- _Problem_
Give back each entry verbatim.

Recorded data:
+++++

Lemma ev4_X i : (i < 4)%N -> ev4 a b al be 'X_(inord i) = nth 0 [:: a; b; al; be] i.
Proof. by move=> lt_i4; rewrite /ev4 /mpolyX [LHS]mmapX mmap1U inordK. Qed.

Lemma ev6_X x y i : (i < 2)%N -> ev6 x y 'X_(inord i) = nth 0 [:: x; y] i.
Proof. by move=> lt_i2; rewrite /ev6 /mpolyX [LHS]mmapX mmap1U inordK. Qed.

Lemma ev4_vdet : ev4 a b al be vdet = be * a - al * b.
Proof. by rewrite /vdet rmorphB !rmorphM /va /vb /valpha /vbeta /= !ev4_X. Qed.

Lemma ev6_cst x y p : ev6 x y (cst p) = ev4 a b al be p.
Proof. exact: mmapC. Qed.

Lemma ev6_sym_quad x y (c d : P4) :
  ev6 x y (cst c * vx ^+ 2 + cst d * (vx * vy) + cst c * vy ^+ 2)
  = sym_quad (ev4 a b al be c) (ev4 a b al be d) x y.
Proof. by rewrite !rmorphD !rmorphM /= !ev6_cst /vx /vy !ev6_X //= /sym_quad !expr2. Qed.

Lemma ev6_Qalpha x y : ev6 x y Qalpha = sym_quad al be x y.
Proof. by rewrite /Qalpha ev6_sym_quad /valpha /vbeta !ev4_X. Qed.

Lemma ev6_Qa x y : ev6 x y Qa = sym_quad a b x y.
Proof. by rewrite /Qa ev6_sym_quad /va /vb !ev4_X. Qed.

Lemma ev6_hform x y m (c : nat -> P4) :
  ev6 x y (hform m (cst \o c) Qalpha Qa)
  = hform m (ev4 a b al be \o c) (sym_quad al be x y) (sym_quad a b x y).
Proof.
rewrite rmorph_hform /= ev6_Qalpha ev6_Qa; apply: eq_hform => r /=; exact: ev6_cst.
Qed.

Lemma Psi_eval x y n :
  (be * a - al * b) ^+ n./2 * (x ^+ n + y ^+ n) =
  (x + y) ^+ odd n * hform n./2 (Psi a b al be n) (sym_quad al be x y) (sym_quad a b x y).
Proof.
have E : cst (vdet ^+ n./2) * (vx ^+ n + vy ^+ n)
         = (vx + vy) ^+ odd n * hform n./2 (cst \o Psi_poly n) Qalpha Qa.
  exact: (Psi_poly_spec n).2.
move/(congr1 (ev6 x y)): E; rewrite !rmorphM /= ev6_hform.
by rewrite ev6_cst rmorphXn /= ev4_vdet !(rmorphB, rmorphD, rmorphXn) /= /vx /vy !ev6_X.
Qed.

Lemma Phi_eval x y n : (1 <= n)%N ->
  (be * a - al * b) ^+ (n.-1)./2 * (x ^+ n - y ^+ n) =
  (x - y) * (x + y) ^+ odd n.-1 *
    hform (n.-1)./2 (Phi a b al be n) (sym_quad al be x y) (sym_quad a b x y).
Proof.
move=> n_gt0.
have E : cst (vdet ^+ (n.-1)./2) * (vx ^+ n - vy ^+ n)
         = (vx - vy) * (vx + vy) ^+ odd n.-1 * hform (n.-1)./2 (cst \o Phi_poly n) Qalpha Qa.
  exact: (Phi_poly_spec n_gt0).2.
move/(congr1 (ev6 x y)): E; rewrite !rmorphM /= ev6_hform.
by rewrite ev6_cst rmorphXn /= ev4_vdet !(rmorphB, rmorphD, rmorphXn) /= /vx /vy !ev6_X.
Qed.

End Evaluation.

Theorem theorem10p5 (a b al be th : C) (n k : nat) :
  be * a - al * b != 0 -> (1 <= n)%N ->
  ((k <= n./2)%N ->
     \sum_(k <= r < n./2.+1) ('C(r, k))%:R * Psi a b al be n r * th ^+ (r - k)
     = Psi (a - al * th) (b - be * th) al be n k) /\
  ((k <= (n.-1)./2)%N ->
     \sum_(k <= r < (n.-1)./2.+1) ('C(r, k))%:R * Phi a b al be n r * th ^+ (r - k)
     = Phi (a - al * th) (b - be * th) al be n k).
Proof.
move=> det_neq0 n_gt0; split=> le_k.
- apply: (hform_shift_coef det_neq0 _ le_k) => x y xy_p _.
  apply: (mulfI (expf_neq0 (odd n) xy_p)).
  by rewrite -Psi_eval -Psi_eval det_shift.
- apply: (hform_shift_coef det_neq0 _ le_k) => x y xy_p xy_m.
  apply: (mulfI (mulf_neq0 xy_m (expf_neq0 (odd n.-1) xy_p))).
  by rewrite -!Phi_eval // det_shift.
Qed.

+++++

- _Final answer_
Lemma ev4_X i : (i < 4)%N -> ev4 a b al be 'X_(inord i) = nth 0 [:: a; b; al; be] i.
Proof. by move=> lt_i4; rewrite /ev4 /mpolyX [LHS]mmapX mmap1U inordK. Qed.

Lemma ev6_X x y i : (i < 2)%N -> ev6 x y 'X_(inord i) = nth 0 [:: x; y] i.
Proof. by move=> lt_i2; rewrite /ev6 /mpolyX [LHS]mmapX mmap1U inordK. Qed.

Lemma ev4_vdet : ev4 a b al be vdet = be * a - al * b.
Proof. by rewrite /vdet rmorphB !rmorphM /va /vb /valpha /vbeta /= !ev4_X. Qed.

Lemma ev6_cst x y p : ev6 x y (cst p) = ev4 a b al be p.
Proof. exact: mmapC. Qed.

Lemma ev6_sym_quad x y (c d : P4) :
  ev6 x y (cst c * vx ^+ 2 + cst d * (vx * vy) + cst c * vy ^+ 2)
  = sym_quad (ev4 a b al be c) (ev4 a b al be d) x y.
Proof. by rewrite !rmorphD !rmorphM /= !ev6_cst /vx /vy !ev6_X //= /sym_quad !expr2. Qed.

Lemma ev6_Qalpha x y : ev6 x y Qalpha = sym_quad al be x y.
Proof. by rewrite /Qalpha ev6_sym_quad /valpha /vbeta !ev4_X. Qed.

Lemma ev6_Qa x y : ev6 x y Qa = sym_quad a b x y.
Proof. by rewrite /Qa ev6_sym_quad /va /vb !ev4_X. Qed.

Lemma ev6_hform x y m (c : nat -> P4) :
  ev6 x y (hform m (cst \o c) Qalpha Qa)
  = hform m (ev4 a b al be \o c) (sym_quad al be x y) (sym_quad a b x y).
Proof.
rewrite rmorph_hform /= ev6_Qalpha ev6_Qa; apply: eq_hform => r /=; exact: ev6_cst.
Qed.

Lemma Psi_eval x y n :
  (be * a - al * b) ^+ n./2 * (x ^+ n + y ^+ n) =
  (x + y) ^+ odd n * hform n./2 (Psi a b al be n) (sym_quad al be x y) (sym_quad a b x y).
Proof.
have E : cst (vdet ^+ n./2) * (vx ^+ n + vy ^+ n)
         = (vx + vy) ^+ odd n * hform n./2 (cst \o Psi_poly n) Qalpha Qa.
  exact: (Psi_poly_spec n).2.
move/(congr1 (ev6 x y)): E; rewrite !rmorphM /= ev6_hform.
by rewrite ev6_cst rmorphXn /= ev4_vdet !(rmorphB, rmorphD, rmorphXn) /= /vx /vy !ev6_X.
Qed.

Lemma Phi_eval x y n : (1 <= n)%N ->
  (be * a - al * b) ^+ (n.-1)./2 * (x ^+ n - y ^+ n) =
  (x - y) * (x + y) ^+ odd n.-1 *
    hform (n.-1)./2 (Phi a b al be n) (sym_quad al be x y) (sym_quad a b x y).
Proof.
move=> n_gt0.
have E : cst (vdet ^+ (n.-1)./2) * (vx ^+ n - vy ^+ n)
         = (vx - vy) * (vx + vy) ^+ odd n.-1 * hform (n.-1)./2 (cst \o Phi_poly n) Qalpha Qa.
  exact: (Phi_poly_spec n_gt0).2.
move/(congr1 (ev6 x y)): E; rewrite !rmorphM /= ev6_hform.
by rewrite ev6_cst rmorphXn /= ev4_vdet !(rmorphB, rmorphD, rmorphXn) /= /vx /vy !ev6_X.
Qed.

End Evaluation.

Theorem theorem10p5 (a b al be th : C) (n k : nat) :
  be * a - al * b != 0 -> (1 <= n)%N ->
  ((k <= n./2)%N ->
     \sum_(k <= r < n./2.+1) ('C(r, k))%:R * Psi a b al be n r * th ^+ (r - k)
     = Psi (a - al * th) (b - be * th) al be n k) /\
  ((k <= (n.-1)./2)%N ->
     \sum_(k <= r < (n.-1)./2.+1) ('C(r, k))%:R * Phi a b al be n r * th ^+ (r - k)
     = Phi (a - al * th) (b - be * th) al be n k).
Proof.
move=> det_neq0 n_gt0; split=> le_k.
- apply: (hform_shift_coef det_neq0 _ le_k) => x y xy_p _.
  apply: (mulfI (expf_neq0 (odd n) xy_p)).
  by rewrite -Psi_eval -Psi_eval det_shift.
- apply: (hform_shift_coef det_neq0 _ le_k) => x y xy_p xy_m.
  apply: (mulfI (mulf_neq0 xy_m (expf_neq0 (odd n.-1) xy_p))).
  by rewrite -!Phi_eval // det_shift.
Qed.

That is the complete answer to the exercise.